A resposta pode ser intrigante, mas é conhecida, e muito simples: a colaboração.

Basicamente, existem duas emoções pré-verbais que tornam possíveis as interações humanas – a rejeição e o amor. A rejeição constitui o espaço de condutas que negam o outro como legítimo outro na convivência e que culmina com a separação. O amor constitui o domínio de condutas em que se dá a aceitação do outro como legítimo outro na convivência. Sem essa aceitação, não teria sido possível nossa evolução como seres humanos. A colaboração é uma das formas de expressão do amor e um dos princípios constitutivos de nossa espécie. E, desse modo, pode ser aprendida e desenvolvida.

Quanto mais nós, seres humanos, entendermos o papel das emoções em nosso viver, mais entenderemos os comportamentos e a capacidade adaptativa de transformação contínua. Com as organizações, não é diferente: elas são sistemas orgânicos e, portanto, regidas pelas mesmas leis de qualquer sistema vivo, e, como tais, buscam continuamente a conservação de seu bem-estar – mecanismo que, no caso dos mamíferos, é fortemente influenciado pelas emoções.

Neste artigo, vamos nos concentrar em nossas investigações empíricas no universo organizacional brasileiro – tudo aquilo que, como consultores, temos aplicado e aprendido com nossos clientes, que são empresas de diferentes tamanhos, segmentos e modelos de gestão. Com esses clientes, temos confirmado que há uma matriz comum que favorece – ou dificulta – a colaboração, presente em toda parte. São as emoções: as mesmas emoções pré-verbais de que falamos, seja o amor, seja a rejeição. 

O que é preciso acontecer para haver colaboração numa organização? As pessoas devem ser convidadas a conviver umas com as outras. Você pode obrigar uma pessoa a trabalhar uma determinada quantidade de horas por dia, mas não consegue obrigar ninguém a conviver a ponto de colaborar com outra pessoa – essa tem de ser uma escolha individual. Então, é importante que as pessoas entendam o convite para colaborar e escolham fazê-lo.

Também é necessário que percebam por si os ganhos (evolutivos) em colaborar, como os hominídeos fizeram na Pré-História. Se elas não veem sentido em colaborar porque já estão satisfeitas com os resultados que vêm obtendo sozinhas, nenhum trabalho colaborativo dará certo. 
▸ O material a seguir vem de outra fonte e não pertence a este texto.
Lemma ex_RInt_of_continuous (k : R -> R) a b :
  (forall x, continuous k x) -> ex_RInt k a b.
Proof. intros Hk. apply (ex_RInt_continuous (V:=R_CompleteNormedModule)). auto. Qed.

Lemma is_derive_RInt_of_continuous (k : R -> R) a x :
  (forall y, continuous k y) -> is_derive (fun w => RInt k a w) x (k x).
Proof.
  intros Hk. apply (is_derive_RInt k _ a); [|apply Hk].
  apply filter_forall. intros w.
  apply (RInt_correct (V:=R_CompleteNormedModule)), ex_RInt_of_continuous, Hk.
Qed.

Lemma RInt_Rmax_0 (k : R -> R) w :
  0 <= w -> RInt k 0 w = RInt (fun y => k (Rmax 0 y)) 0 w.
Proof.
  intros Hw. apply RInt_ext. intros y Hy.
  rewrite Rmin_left, Rmax_right in Hy by lra. rewrite Rmax_right by lra. reflexivity.
Qed.

Lemma locally_gt_of_continuous (g : R -> R) t a :
  continuous g t -> a < g t -> locally t (fun s => a < g s).
Proof. intros Hg Ha. exact (Hg _ (open_gt a (g t) Ha)). Qed.

Lemma locally_lt_of_continuous (g : R -> R) t b :
  continuous g t -> g t < b -> locally t (fun s => g s < b).
Proof. intros Hg Hb. exact (Hg _ (open_lt b (g t) Hb)). Qed.

Lemma locally_open_interval a b x : a < x < b -> locally x (fun y => a < y < b).
Proof.
  intros Hx. apply (filter_imp (fun y => a < y /\ y < b)); [tauto|].
  apply filter_and; [apply open_gt|apply open_lt]; tauto.
Qed.

Lemma at_right_lt a b : a < b -> at_right a (fun e => a < e < b).
Proof.
  intros Hab. unfold at_right, within.
  apply (filter_imp (fun e => e < b)); [intros e He Ha; lra|].
  exact (open_lt b a Hab).
Qed.

Lemma filterlim_Rplus {T} {F : (T -> Prop) -> Prop} {FF : Filter F} (u v : T -> R) a b :
  filterlim u F (locally a) -> filterlim v F (locally b) ->
  filterlim (fun x => u x + v x) F (locally (a + b)).
Proof. intros Hu Hv. exact (filterlim_comp_2 u v Rplus Hu Hv (filterlim_plus a b)). Qed.

Lemma filterlim_Rmult {T} {F : (T -> Prop) -> Prop} {FF : Filter F} (u v : T -> R) a b :
  filterlim u F (locally a) -> filterlim v F (locally b) ->
  filterlim (fun x => u x * v x) F (locally (a * b)).
Proof. intros Hu Hv. exact (filterlim_comp_2 u v Rmult Hu Hv (filterlim_mult a b)). Qed.

Lemma RInt_derive_at_right (k H : R -> R) a b l :
  a < b -> (forall x, continuous k x) ->
  (forall x, a < x <= b -> is_derive H x (k x)) ->
  filterlim H (at_right a) (locally l) ->
  RInt k a b = H b - l.
Proof.
  intros Hab Hk HH Hl.
  assert (Split : at_right a (fun e => RInt k a b = RInt k a e + (H b - H e))).
  { eapply filter_imp; [|exact (at_right_lt a b Hab)]. intros e He.
    replace (H b - H e) with (RInt k e b).
    - symmetry. apply (RInt_Chasles (V:=R_CompleteNormedModule)); apply ex_RInt_of_continuous, Hk.
    - apply is_RInt_unique, (is_RInt_derive (V:=R_CompleteNormedModule)); [|auto].
      intros x Hx. rewrite Rmin_left, Rmax_right in Hx by lra. apply HH; lra. }
  assert (Hint : filterlim (fun e => RInt k a e) (at_right a) (locally 0)).
  { replace 0 with (RInt k a a) by apply (RInt_point (V:=R_CompleteNormedModule)).
    apply (filterlim_filter_le_1 (F := locally a)); [apply filter_le_within|].
    apply (ex_derive_continuous (V:=R_NormedModule)).
    eexists. apply is_derive_RInt_of_continuous, Hk. }
  assert (Lim : filterlim (fun e => RInt k a e + (H b - H e)) (at_right a)
                  (locally (0 + (H b + -1 * l)))).
  { apply filterlim_Rplus; [exact Hint|]. apply filterlim_Rplus; [apply filterlim_const|].
    apply (filterlim_ext (fun e => -1 * H e)); [intros; ring|].
    apply filterlim_Rmult; [apply filterlim_const|exact Hl]. }
  assert (Const := filterlim_ext_loc _ _ Split (filterlim_const (RInt k a b))).
  assert (E := filterlim_locally_unique _ _ _ Const Lim). simpl in E. lra.
Qed.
Na busca do trabalho colaborativo, tem-se falado muito em mudar o “mindset”, isto é, as crenças e valores que definem a forma como agimos e tomamos decisões. Por exemplo, derrubar os tabus tem a ver com isso. É algo bem-vindo, claro, porém de igual importância é mudar o “heartset”, ou seja, as emoções que estão por trás dessas crenças e valores. Aí, sim, a colaboração deixará de ser tratada como mera ferramenta, condição com baixa atratividade e efetividade. 
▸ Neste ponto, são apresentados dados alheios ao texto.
(* Under Rayleigh fading, for every target rate $r>0$, $P_{\rm r}>0$ and $\mathcal C_x\in[0,1)$, \[ \mathcal P_{\rm E-E}(P_{\rm r},\mathcal C_x)\le 1-\frac{\exp\!\left(-\left(\frac{\Psi_r(\mathcal C_x)}{P_{\rm r}\pi_{\rm rd}(1-\mathcal C_x^2)}+\frac{P_{\rm r}\pi_{\rm rr}+1}{P_{\rm s}\pi_{\rm sr}}\Psi_r(\alpha\mathcal C_x)\right)\right)}{P_{\rm s}\pi_{\rm sd}\frac{\Psi_r(\mathcal C_x)}{P_{\rm r}\pi_{\rm rd}(1-\mathcal C_x^2)}+1}=:\mathcal P^{\rm UB}_{\rm E-E,RF}(P_{\rm r},\mathcal C_x), \qquad\alpha=\frac{P_{\rm r}\pi_{\rm rr}}{P_{\rm r}\pi_{\rm rr}+1}. \]
   Context: Let $P_{\rm s}>0$, $P_{\rm r}>0$ be the source and relay transmit powers. Rayleigh fading: $g_{\rm sr},g_{\rm rr},g_{\rm rd},g_{\rm sd}$ are mutually independent exponential random variables with means $\pi_{\rm sr},\pi_{\rm rr},\pi_{\rm rd},\pi_{\rm sd}>0$. For $\mathcal C_x\in[0,1)$ define $R_{\rm sr}(P_{\rm r},\mathcal C_x)=\tfrac12\log_2\frac{(P_{\rm s}g_{\rm sr}+P_{\rm r}g_{\rm rr}+1)^2-(P_{\rm r}g_{\rm rr}\mathcal C_x)^2}{(P_{\rm r}g_{\rm rr}+1)^2-(P_{\rm r}g_{\rm rr}\mathcal C_x)^2}$ and $R_{\rm rd}(P_{\rm r},\mathcal C_x)=\tfrac12\log_2\frac{(P_{\rm r}g_{\rm rd}+P_{\rm s}g_{\rm sd}+1)^2-(P_{\rm r}g_{\rm rd}\mathcal C_x)^2}{(P_{\rm s}g_{\rm sd}+1)^2}$. For a target rate $r>0$ put $\gamma=2^{2r}-1$ and $\Psi_r(x)=\sqrt{1+\gamma(1-x^2)}-1$. The end-to-end outage probability is $\mathcal P_{\rm E-E}=\mathbb P\{\min(R_{\rm sr},R_{\rm rd})<r\}$. *)

From Stdlib Require Import Reals.
Open Scope R_scope.

Record prob_space := {
  ps_omega :> Type;
  ps_meas : (ps_omega -> Prop) -> Prop;
  ps_P : (ps_omega -> Prop) -> R;
  ps_meas_full : ps_meas (fun _ => True);
  ps_meas_compl : forall A, ps_meas A -> ps_meas (fun w => ~ A w);
  ps_meas_cunion : forall A : nat -> ps_omega -> Prop,
      (forall n, ps_meas (A n)) -> ps_meas (fun w => exists n, A n w);
  ps_P_nonneg : forall A, ps_meas A -> 0 <= ps_P A;
  ps_P_full : ps_P (fun _ => True) = 1;
  ps_P_sigma_additive : forall A : nat -> ps_omega -> Prop,
      (forall n, ps_meas (A n)) ->
      (forall m n w, m <> n -> A m w -> A n w -> False) ->
      infinite_sum (fun n => ps_P (A n)) (ps_P (fun w => exists n, A n w))
}.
Em um time, cada pessoa participa, consciente ou inconscientemente, com seu mindset e seu heartset. À medida que as pessoas se organizam em grupos, passam a compartilhar necessidades em função dos objetivos comuns definidos e criam uma nova história que não é só a soma de suas histórias individuais; construção coletiva feita na colaboração gera uma história nova, que dá ao time uma especificidade e uma identidade grupal. Chamamos a atenção para dois aspectos inerentes a essa construção coletiva: a linguagem e a não negação do outro.

Linguagem e não negação

Se falamos de história, falamos de linguagem. E, como seres humanos, somos imersos nela, o que significa que, ao mudarmos a linguagem, mudamos a forma como nos relacionamos e agimos. 
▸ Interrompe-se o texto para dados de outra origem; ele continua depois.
Lemma ratio_cvg_squeeze (g : R -> R) (L : R) : 0 <= L ->
  (\forall s \near 0^'+, 0 <= g s) ->
  (forall t, 0 < t < L -> \forall s \near 0^'+, t * s < g s) ->
  (forall t, L < t -> \forall s \near 0^'+, g s < t * s) ->
  g s / s @[s --> 0^'+] --> L.
Proof.
move=> L0 g_ge0 g_gt g_lt; apply/cvgrPdist_lt => e e0.
have lower : \forall s \near 0^'+, 0 < s -> L - e < g s / s.
  have [t_gt0|t_le0] := ltP 0 (L - e / 2).
    have hlt : 0 < L - e / 2 < L by apply/andP; split; lra.
    apply: filterS (g_gt _ hlt) => s gs s0.
    rewrite ltr_pdivlMr //; apply: le_lt_trans gs.
    by rewrite ler_pM2r //; lra.
  apply: filterS g_ge0 => s gs s0.
  have Le_lt0 : L - e < 0 by lra.
  exact: lt_le_trans Le_lt0 (divr_ge0 gs (ltW s0)).
have upper : \forall s \near 0^'+, g s < (L + e / 2) * s by apply: g_lt; lra.
near=> s; have s0 : 0 < s by near: s; exact: nbhs_right_gt.
rewrite ltr_distlC; apply/andP; split; first by move: s0; near: s.
rewrite ltr_pdivrMr //; apply: lt_le_trans (_ : g s < (L + e / 2) * s) _.
  by near: s.
by rewrite ler_pM2r //; lra.
Unshelve. all: by end_near.
Qed.

End NearZero.

Section ArchimedeanTail.
Variables (R : realType) (d : nat) (C : ('I_d -> R) -> R) (phi : R -> \bar R).
Hypotheses (phi_strict : strict_generator phi) (C_phi : archimedean_with C phi).
Variable w : 'I_d -> R.
Hypothesis w_gt0 : forall k, 0 < w k.

Let phi_gen : generator phi := phi_strict.1.
Let phi_sum (s : R) : R := \sum_k fine (phi (w k * s)).

Lemma near0_scaled_units : \forall s \near 0^'+, forall k, 0 < w k * s < 1.
Proof. by apply: filter_forall => k; exact: near0_scaled_unit. Qed.

Lemma phi_sum_ge0 s : (forall k, 0 < w k * s < 1) -> 0 <= phi_sum s.
Proof. by move=> ws; apply: sumr_ge0 => k _; exact/ltW/(generator_fine_gt0 phi_gen). Qed.

Lemma near0_archimedean_scaled :
  \forall s \near 0^'+, C (fun k => s * w k) = gen_inv phi (phi_sum s)%:E.
Proof.
apply: filterS near0_scaled_units => s ws.
have unit_ws : in_unit_cube (fun k => s * w k).
  by move=> k; have /andP[? ?] := ws k; apply/andP; split; lra.
rewrite C_phi // /phi_sum -sumEFin; congr (gen_inv phi _); apply: eq_bigr => k _.
by rewrite mulrC generator_fineK //; have /andP[? ?] := ws k; apply/andP; split; lra.
Qed.

Lemma near0_gen_inv_cmp t : 0 < t -> \forall s \near 0^'+,
  (phi_sum s < fine (phi (t * s)) -> t * s < gen_inv phi (phi_sum s)%:E) /\
  (fine (phi (t * s)) < phi_sum s -> gen_inv phi (phi_sum s)%:E < t * s).
Proof.
move=> t0; near=> s.
have ws : forall k, 0 < w k * s < 1 by near: s; exact: near0_scaled_units.
have [g01 phig] := gen_invP phi_strict (phi_sum_ge0 ws).
have /andP[ts0 ts1] : 0 < t * s < 1 by near: s; exact: near0_scaled_unit.
have ts01 : 0 < t * s <= 1 by rewrite ts0 ltW.
have ts01' : 0 <= t * s <= 1 by rewrite !ltW.
have phit := esym (generator_fineK phi_gen ts01).
split=> sum_lt; [apply: (lt_of_generator_lt phi_gen g01 ts01')|
                 apply: (lt_of_generator_lt phi_gen ts01' g01)].
all: by rewrite phig phit lte_fin.
Unshelve. all: by end_near.
Qed.

Lemma archimedean_scaled_cvg (L : R) : 0 <= L ->
  (forall t, 0 < t < L -> \forall s \near 0^'+, phi_sum s < fine (phi (t * s))) ->
  (forall t, L < t -> \forall s \near 0^'+, fine (phi (t * s)) < phi_sum s) ->
  C (fun k => s * w k) / s @[s --> 0^'+] --> L.
Proof.
move=> L0 phi_sum_lt phi_sum_gt.
apply: cvg_trans (near_eq_cvg _)
  (ratio_cvg_squeeze (g := fun s => gen_inv phi (phi_sum s)%:E) L0 _ _ _).
- by apply: filterS near0_archimedean_scaled => s ->.
- apply: filterS near0_scaled_units => s /phi_sum_ge0 /(gen_invP phi_strict).
  by case=> /andP[].
- move=> t /[dup] /andP[t0 _] tL.
  near=> s; have sum_lt : phi_sum s < fine (phi (t * s)) by near: s; exact: phi_sum_lt.
  by move: sum_lt; near: s; apply: filterS (near0_gen_inv_cmp t0) => s [].
- move=> t Lt; have t0 : 0 < t by exact: le_lt_trans Lt.
  near=> s; have sum_gt : fine (phi (t * s)) < phi_sum s by near: s; exact: phi_sum_gt.
  by move: sum_gt; near: s; apply: filterS (near0_gen_inv_cmp t0) => s [].
Unshelve. all: by end_near.
Qed.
Para promover o trabalho colaborativo, temos de, antes de tudo, repensar a linguagem que usamos nas organizações para sustentar contextos adequados à colaboração. A linguagem que prevalece hoje corresponde ao mindset ainda dominante em muitas organizações, que é o das empresas vistas como máquinas e o das pessoas vistas como peças de uma engrenagem. Isso não ajuda a fortalecer uma cultura colaborativa.  

Não existe colaboração na desconfiança, emoção ligada à rejeição em que o outro surge como ameaça a minha vida. Basta um e-mail enviado a mim com cópia a meu supervisor me cobrando algum tipo de ação para a confiança entre nós ser seriamente abalada. 

Você já fez isso? Pense bem: quando enviamos um e-mail para um colega cobrando-o de alguma coisa e copiamos outras pessoas como mecanismo de defesa, qual é a mensagem que estamos transmitindo? De que confiamos nele ou de que não confiamos? Bingo! Tanto a causa como a consequência mais óbvia da prática desse tipo de jogo nas empresas é o fortalecimento de uma cultura baseada na desconfiança e na competição entre colegas e áreas, e não em colaboração e sinergia. 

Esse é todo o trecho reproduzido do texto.